Таня варит кофе. Торопливо рассказывает про биржу и про «мини»
сестру, которая уехала со своим Колей в Турцию. Потом неожиданно и,
даже, не поворачиваясь от плиты, бросает:
— А ты знаешь, что мы сегодня тоже едем!
— Куда? — я глупо моргаю ей в спину.
— На Павло-Очаковскую косу. Будем пить коньяк, и жарить шашлыки.
Коньяк с меня, с тебя — шашлык. Представляешь, я сегодня вышла в плюс!
Едем на моей машине. Я уже две недели не садилась за руль! Иногда смотрю
в окно, на стоянку. Машинка стоит такая, вся в пыли, аж плакать хочется!
…Золотистая «Мазда», несётся в сторону Азова. Тонкие пальцы
торопятся, переключая радиостанции на рулевом управлении, но им кажется,
что это недостаточно быстро и они прыгают на панель, втыкаясь в кнопки,
меняя стили, направления и громкость. Таня смеётся, ежесекундно
откидывает волосы назад. А я, вжавшись в сидение, искоса поглядываю на
спидометр, стрелка которого колеблется между ста сорока и ста
семьюдесятью.
— А с какого превышения отбирают права? По-моему, с шестидесяти!
— Лучше бы с сорока или… двадцати, — бормочу я.
— Ой! И правда! Что-то мы быстро едем, — и тут же, перебивая сама
себя: — А вдруг дождь?
— Дождя не будет, сестра. Мы же едем за солнцем!
— В смысле?
— Смотри вперёд! Там, в море, скоро сядет солнце. Видишь, какое оно
большое и яркое. Оно просто знает, что мы едем за ним. Мы же торопимся и
времени у нас чертовски мало. А тучи?.. Тучи остались позади.
— Точно! — Таня бросает взгляд в зеркало. — Над Ростовом темно.
По-моему, там уже пошёл дождь…
…Мы идём по дороге-дуге, делящей море на две части. Слева —
уснувшую, спокойную и блестящую, как зеркало, а справа — недовольную,
что-то бормочущую и хмурящуюся белыми бровями — барашками.
— Смотри! — Таня останавливается там, где песок уходит под воду.
Коса закончилась и… нужно возвращаться.
— Впереди солнце, а сзади луна! Сегодня разве полнолуние?
— Да, Татьяна Николаевна. Полнолуние. — Я осторожно обнимаю её
плечи, хватаю губами шею, щёки.
— Там уже звёзды, а здесь — небо горит, — она поворачивается
ко мне, и я вижу весёлые искры в глазах. — А как мы будем спать, брат?
Кровать-то одна, большая?
— Я думаю, Таня, как близкие родственники. Тесно.
— А я думаю, «валетом»! И… по-моему, костёр давно прогорел. Пора бы
жарить шашлык.
Уже темно. Тонкая, словно прорисованная простым карандашом, фигура
идёт в сторону луны. Луна огромная. Она наступает, становится хозяйкой
неба. За ней идёт армия звёзд. Я вижу, как рядом, в море, беззвучно
бьются два меча. Один багровый — солнечный, другой жёлтый — лунный.
Лунный становится всё шире и длиннее, он побеждает. А солнечный?

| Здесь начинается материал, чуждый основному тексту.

(* Let $1<n\leq m$ and let $v\in Z_{n,m}$ with $\sum_{i\in I_c(v)}v_i=n$. Then $d(v,0)\leq\sum_{i=1}^{p_l(v)}i+\sum_{i=1}^{m-p_r(v)}i+\lfloor\frac{n(m+1)}{2}\rfloor$.
   Context: Elements of $\mathbb{Z}_n$ are identified with representatives in $\{0,\dots,n-1\}$ (so $v_0,v_{m+1}$ are such integers in sums). $Z_{n,m}$ has vertices $u=(u_0,\dots,u_{m+1})\in\mathbb{Z}_n\times\{-1,0,1\}^m\times\mathbb{Z}_n$ with $\sum u_i\equiv0\pmod n$; $u,v$ adjacent if there is $0\leq i\leq m$ with $u_j=v_j$ for $j\notin\{i,i+1\}$ and either ($u_i=v_i+1$, $u_{i+1}=v_{i+1}-1$) or ($u_i=v_i-1$, $u_{i+1}=v_{i+1}+1$), arithmetic in coordinates $0,m+1$ in $\mathbb{Z}_n$. $d$ is graph distance, $0$ the all-zero vertex. $\operatorname{Piv}(v)$ is the set of integers $-1\le p\le m+1$ with $n\mid\sum_{i=0}^pv_i$ (empty sum $0$). $p_l(v)=\max\{p\in\operatorname{Piv}(v):p<\frac m2\}$, $p_r(v)=\min\{p\in\operatorname{Piv}(v):p\ge\frac m2\}$, $I_c(v)=\{p_l(v)+1,\dots,p_r(v)\}$. Sums $\sum_{i=1}^k i$ with $k\le0$ are $0$. *)

From mathcomp Require Import all_boot all_order all_algebra.
Set Implicit Arguments. Unset Strict Implicit. Unset Printing Implicit Defensive.
Import Order.TTheory GRing.Theory Num.Theory.
Local Open Scope ring_scope.

(* A vertex u = (u_0,...,u_{m+1}) of Z_{n,m} is encoded as a sequence of
   integers of size m+2; u_0, u_{m+1} are the representatives in {0,..,n-1}. *)
Definition coord (u : seq int) (i : nat) : int := nth 0 u i.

Солнечный медленно тонет… И тут, очень быстро, с его лезвия
соскальзывает маленький парус. На какие-то секунды он теряется
в темноте, а потом вырастает предо мной. С глухим стуком в песок бьётся
доска и с неё в воду падает человек. Небритый серфингист устало
выбирается на берег и начинает тянуть за собой своё крайне ненадёжное
плавсредство.
— Помоги, — бросает он через плечо.
Мы тащим доску и парус. А пройдя метров десять, я почему-то
вопросительно произношу:
— Валетом?..
— Не понял? — ко мне поворачивается скуластое лицо.
— Я говорю: спать валетом — это ведь почти то же самое, что и
«шесть — девять».
— Не понял? — опять повторяет мой спутник. Он останавливается.
Некоторое время угрюмо хмурит свой лоб. Потом его взгляд устремляется
вслед за моим и так же находит стройную фигуру, стоящую на краю жёлтого
диска.
— Эй! — с лунной стороны мне машут рукой.
— А чё! Неплохо! — мореплаватель с хрустом шкребёт ногтями по
щетине. — Валетом, говоришь? Неплохо и валетом…
…Шашлык у меня получился! Мы сидим на веранде уютного домика,
попиваем коньяк, болтаем и… подкармливаем двух виляющих хвостами псов.
— Я тебе не говорила? — Таня кутается в плед. Уже достаточно поздно
и с моря потянуло холодным ветерком.
— Год назад, так, на всякий случай, купила я недалеко отсюда
участок. Пустой. Без ничего. Мне он понравился. Думаю: заработаю денег,
построю домик. Небольшой. Буду приезжать сюда с ребёнком, — она обнимает
руками бокал с коньяком и поднимает на меня глаза. — Что смешного?
— Тань… Я ведь сделал то же самое. Только там, в деревне. Оформил
участок на берегу Дона. Пока тоже пустой. Только я ещё к домику хочу
бассейн, а в нём красивую девушку. Вроде тебя. Можно и ребёнка! Ты же
сама мне желала! Забыла?
— Нет, не забыла! — Она начинает водить пальцем по столу,
передвигая крошки.
— Только я не знаю, смогу ли я жить с кем-то. Насмотрелась я на
вашего брата. Сам знаешь! «Бывший» подставил. За малым, уголовное дело
не завели. «Спасибо» ждёт. Типа, пожалел!
Полгода назад один француз мозги делал. Я, говорит, специально за
вами прилетел. Полюбил с первого взгляда. Дом в Альпах, «Феррари»! Я уши
развесила. Катаюсь с ним по Ростову. Самоучитель французского купила.
Идиотка!
— И что?
— А то! Собираюсь я к нему на очередное свидание и, вдруг, звонок.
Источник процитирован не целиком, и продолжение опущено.